AI models are also prone to replicating biases present in their training data, which could lead to unequal treatment of market participants or flawed risk assessments. Addressing these biases is essential to ensure that AI does not inadvertently reinforce existing inequalities in the financial system.

Finally, while AI can enhance cyber security, it is vulnerable to manipulation. Hackers can target AI systems with adversarial attacks. The Financial Stability Board (FSB) has warned about the growing reliance on AI systems for critical financial functions, emphasising the need for robust defences against potential cybersecurity risks.⁸

The returns can outweigh the risks

Central banks are directly affected by AI’s impact in their role as stewards of financial stability. The potential of AI to improve their payment system oversight capacity is enormous. Central banks can leverage AI tools to bolster the security of their payment systems, and we can anticipate a significant rise in the adoption of these technologies in the coming years.

However, there are clear challenges that need to be addressed to ensure that AI is effectively integrated into payment system oversight. With the right policies in place, it can be a powerful ally in maintaining financial stability and mitigating systemic risks in the increasingly complex global financial landscape.

Notes

1. See Araujo, D, S Doerr, L Gambacorta and B Tissot (2024), Artificial intelligence in central banking, BIS Bulletin, N.84, Bank for International Settlements, January 23.

2.  See Central bank oversight of payment and settlement systems, report by the Committee on Payment and Settlement Systems, Bank for International Settlements, May 2005.

3. For a review of recent attempts at developing AI tools for transactions monitoring in payment systems, see Desai, A, A Kosse and J Sharples (2024), Finding a needle in a haystack: a machine learning framework for anomaly detection in payment systems, BIS Working Papers No 1188, Bank for International Settlements, May 4.

4. Reinforcement learning is a type of machine learning where an agent learns by interacting with an environment.

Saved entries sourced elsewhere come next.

(* Let $n\ge1$, $L,G>0$ and $\eta>0$ with $\eta nL\le \frac12$. Let $a_1,\dots,a_n\in[0,L]$ and $b_1,\dots,b_n\in[-G,G]$ with $\sum_{i=1}^nb_i=0$. For a permutation $\sigma$ of $\{1,\dots,n\}$ define \[ X_\sigma=\sum_{j=1}^n\left(\prod_{i=j+1}^n(1-\eta a_{\sigma(i)})\right)b_{\sigma(j)} \] (an empty product equals $1$). If $\sigma$ is a uniformly random permutation, then \[ \big|\mathbb{E}_\sigma[X_\sigma]\big|\;\le\;2\eta nGL. \] *)

From HB Require Import structures.
From mathcomp Require Import all_boot all_order all_algebra all_fingroup.
Set Implicit Arguments. Unset Strict Implicit. Unset Printing Implicit Defensive.
Import Order.TTheory GRing.Theory Num.Theory.
Local Open Scope ring_scope.

(* Indices are 0-based: {1..n} is 'I_n.  For j : 'I_n the product over
   i = j+1..n becomes the product over i : 'I_n with j < i. *)
Definition Xsigma (R : realFieldType) (n : nat) (eta : R) (a b : 'I_n -> R)
    (s : {perm 'I_n}) : R :=
  \sum_(j < n) (\prod_(i < n | (j < i)%N) (1 - eta * a (s i))) * b (s j).

Definition Eperm (R : realFieldType) (n : nat) (F : {perm 'I_n} -> R) : R :=
  (\sum_(s : {perm 'I_n}) F s) / #|{perm 'I_n}|%:R.

From HB Require Import structures.
From mathcomp Require Import all_boot all_order all_algebra all_fingroup.
From mathcomp Require Import ring lra.
Set Implicit Arguments. Unset Strict Implicit. Unset Printing Implicit Defensive.
Import Order.TTheory GRing.Theory Num.Theory.
Local Open Scope ring_scope.

(* Write c u = 1 - eta * a u, so that c u lies in [0, 1] and
   any two factors differ by at most eta * L.  Summing X_sigma over all
   permutations and regrouping by the item v = sigma(j) gives
     sum_sigma X_sigma = sum_v b_v * W v,
   where the tail weight W v is the sum over sigma of the product of c over
   the items placed after v.  Since sum_v b_v = 0 we may subtract W v0 from
   every W v.  Composing sigma with the transposition (v v0) shows that
   W v - W v0 is a sum of differences of two products of factors in [0, 1]
   whose factor lists differ in at most two places; a telescoping bound
   then gives |W v - W v0| <= n! * 2 eta L.  Hence
     |E X| <= (1/n!) * n * G * n! * 2 eta L = 2 eta n G L. *)

Lemma prod_diff (R : realFieldType) (I : finType) (P : pred I) (x y : I -> R) :
  (forall i, 0 <= x i <= 1) -> (forall i, 0 <= y i <= 1) ->
  `|\prod_(i | P i) x i - \prod_(i | P i) y i| <= \sum_(i | P i) `|x i - y i|.
Proof.
move=> hx hy.
suff: [/\ 0 <= \prod_(i | P i) x i <= 1, 0 <= \prod_(i | P i) y i <= 1 &
   `|\prod_(i | P i) x i - \prod_(i | P i) y i| <= \sum_(i | P i) `|x i - y i|].
  by case.
apply: (big_rec3 (fun p q s => [/\ 0 <= p <= 1, 0 <= q <= 1 & `|p - q| <= s])).
  by rewrite subrr normr0 ler01 lexx.
move=> i p q s _ [/andP[p0 p1] /andP[q0 q1] hs].
have /andP[x0 x1] := hx i; have /andP[y0 y1] := hy i.
split; [by rewrite mulr_ge0 // mulr_ile1 | by rewrite mulr_ge0 // mulr_ile1 |].
have -> : x i * p - y i * q = x i * (p - q) + (x i - y i) * q by ring.
apply: (le_trans (ler_normD _ _)).
rewrite addrC normrM normrM (ger0_norm x0) (ger0_norm q0).
apply: lerD; first by rewrite -[X in _ <= X]mulr1 ler_wpM2l.
by apply: (le_trans _ hs); rewrite -[X in _ <= X]mul1r ler_wpM2r.
Qed.

Section TailWeight.

Variables (R : realFieldType) (n : nat) (c : 'I_n -> R).

Definition tail_weight (v : 'I_n) : R :=
  \sum_(s : {perm 'I_n}) \prod_(i < n | (s^-1%g v < i)%N) c (s i).

Lemma sum_tail_products (b : 'I_n -> R) :
  \sum_(s : {perm 'I_n})
     \sum_(j < n) (\prod_(i < n | (j < i)%N) c (s i)) * b (s j) =
  \sum_v b v * tail_weight v.
Proof.
under [RHS]eq_bigr do rewrite mulr_sumr.
rewrite [RHS]exchange_big /=; apply: eq_bigr => s _.
rewrite (reindex_inj (@perm_inj _ s^-1%g)) /=.
by apply: eq_bigr => v _; rewrite permKV mulrC.
Qed.

(* Relabelling the orderings by the transposition (v w) expresses the tail
   weight of w through the tail positions of v. *)
Lemma tail_weight_tperm (v w : 'I_n) :
  tail_weight w =
  \sum_(s : {perm 'I_n}) \prod_(i < n | (s^-1%g v < i)%N) c (tperm v w (s i)).
Proof.
rewrite /tail_weight (reindex_inj (@mulIg _ (tperm v w))) /=.
apply: eq_bigr => s _.
rewrite invgM tpermV permM tpermR; apply: eq_bigr => i _.
by rewrite permM.
Qed.

Variable d : R.
Hypothesis c_unit : forall u, 0 <= c u <= 1.
Hypothesis c_close : forall u w, `|c u - c w| <= d.

Lemma tperm_displacement (v w : 'I_n) :
  \sum_u `|c u - c (tperm v w u)| <= 2 * d.
Proof.
have d0 : 0 <= d by apply: le_trans (c_close v v); rewrite normr_ge0.
have indicator (x : 'I_n) : \sum_u (u == x)%:R = 1 :> R.
  by rewrite (bigD1 x) //= eqxx big1 ?addr0 // => u /negPf ->.
apply: (@le_trans _ _ (\sum_u d * ((u == v)%:R + (u == w)%:R))).
  apply: ler_sum => u _.
  have [->|uv] := eqVneq u v.
    by apply: (le_trans (c_close _ _)); rewrite ler_peMr //= lerDl ler0n.
  have [->|uw] := eqVneq u w.
    by apply: (le_trans (c_close _ _)); rewrite ler_peMr //= lerDr ler0n.
  by rewrite tpermD 1?eq_sym // subrr normr0 mulr_ge0 // addr_ge0.
by rewrite -mulr_sumr big_split /= !indicator; lra.
Qed.

Lemma tail_weight_close (v w : 'I_n) :
  `|tail_weight v - tail_weight w| <= #|{perm 'I_n}|%:R * (2 * d).
Proof.
rewrite (tail_weight_tperm v w) /tail_weight -sumrB.
apply: (le_trans (ler_norm_sum _ _ _)).
rewrite mulr_natl -sumr_const; apply: ler_sum => s _.
apply: (le_trans (prod_diff _ (fun i => c_unit (s i))
                               (fun i => c_unit (tperm v w (s i))))).
apply: (@le_trans _ _ (\sum_(i < n) `|c (s i) - c (tperm v w (s i))|)).
  rewrite [X in _ <= X](bigID (fun i : 'I_n => (s^-1%g v < i)%N)) /= lerDl.
  by apply: sumr_ge0 => i _; rewrite normr_ge0.
rewrite (reindex_inj (@perm_inj _ s^-1%g)) /=.
under eq_bigr do rewrite permKV.
exact: tperm_displacement.
Qed.

End TailWeight.

Theorem lemma8 (R : realFieldType) (n : nat) (L G eta : R) (a b : 'I_n -> R)
  (hn : (1 <= n)%N) (hL : 0 < L) (hG : 0 < G) (heta : 0 < eta)
  (hetan : eta * n%:R * L <= 1 / 2)
  (ha : forall i, 0 <= a i <= L)
  (hb : forall i, - G <= b i <= G)
  (hsum : \sum_(i < n) b i = 0) :
  `| Eperm (Xsigma eta a b) | <= 2 * eta * n%:R * G * L.
Proof.
pose c u := 1 - eta * a u.
have etaL : eta * L <= 1 / 2.
  apply: le_trans hetan; rewrite -mulrA ler_pM2l // -[X in X <= _]mul1r.
  by apply: ler_wpM2r; [exact: ltW | rewrite ler1n].
have eta_a u : 0 <= eta * a u <= eta * L.
  have /andP[a0 aL] := ha u.
  by rewrite ler_pM2l // aL andbT mulr_ge0 // ltW.
have c_unit u : 0 <= c u <= 1 by have := eta_a u; rewrite /c; lra.
have c_close u w : `|c u - c w| <= eta * L.
  by have := eta_a u; have := eta_a w; rewrite /c ler_norml; lra.
pose W := tail_weight c; pose v0 : 'I_n := Ordinal hn.
have centered : \sum_v b v * W v = \sum_v b v * (W v - W v0).
  under [RHS]eq_bigr do rewrite mulrBr.
  by rewrite sumrB -mulr_suml hsum mul0r subr0.
set N := #|{perm 'I_n}|%:R : R.
have Npos : 0 < N by rewrite ltr0n; apply/card_gt0P; exists 1%g.
rewrite /Eperm (sum_tail_products c b) centered normrM normfV (gtr0_norm Npos).
rewrite ler_pdivrMr //; apply: (le_trans (ler_norm_sum _ _ _)).
apply: (@le_trans _ _ (\sum_(v < n) G * (N * (2 * (eta * L))))).
  apply: ler_sum => v _; rewrite normrM; apply: ler_pM => //.
    by have /andP[? ?] := hb v; rewrite ler_norml; apply/andP.
  exact: tail_weight_close.
rewrite sumr_const card_ord -mulr_natr le_eqVlt; apply/orP; left; apply/eqP; ring.
Qed.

The agent makes decisions to maximise cumulative rewards over time, learning from the consequences of its actions. Through trial and error, the agent adjusts its strategies based on the feedback it receives (rewards or penalties), gradually improving its performance. This approach is widely used in areas such as robotics, game playing and autonomous systems.

5. Neural networks are computational models inspired by the human brain, composed of interconnected nodes (neurons) arranged in layers. Each neuron processes input data and passes the result to the next layer. These networks are designed to recognise patterns and make decisions or predictions by learning from large amounts of data. Neural networks are the foundation of deep learning and are applied in areas such as image recognition, natural language processing and speech recognition.

6. Graph-based models are a class of machine learning models that use graph structures to represent relationships between data points. In these models, nodes represent entities and edges capture the connections or interactions between them. These models are especially useful for analysing complex, interconnected systems such as social networks, biological systems, or financial transactions, enabling tasks like node classification, link prediction and clustering.

7. Deep learning techniques refer to advanced machine learning methods that use artificial neural networks with multiple layers (deep neural networks) to model and understand complex patterns in data. These techniques are particularly effective for tasks like image recognition, natural language processing, and speech analysis, where large amounts of data and intricate patterns are involved.

8. See Remarks on Artificial Intelligence in Finance, by Nellie Liang, US under secretary for domestic finance, and chair of the Financial Stability Board standing committee on assessment of vulnerabilities, at the OECD – FSB Roundtable on Artificial Intelligence in Finance, Paris, May 22, 2024.

This article represents the views of the author and does not necessarily represent those of his employers.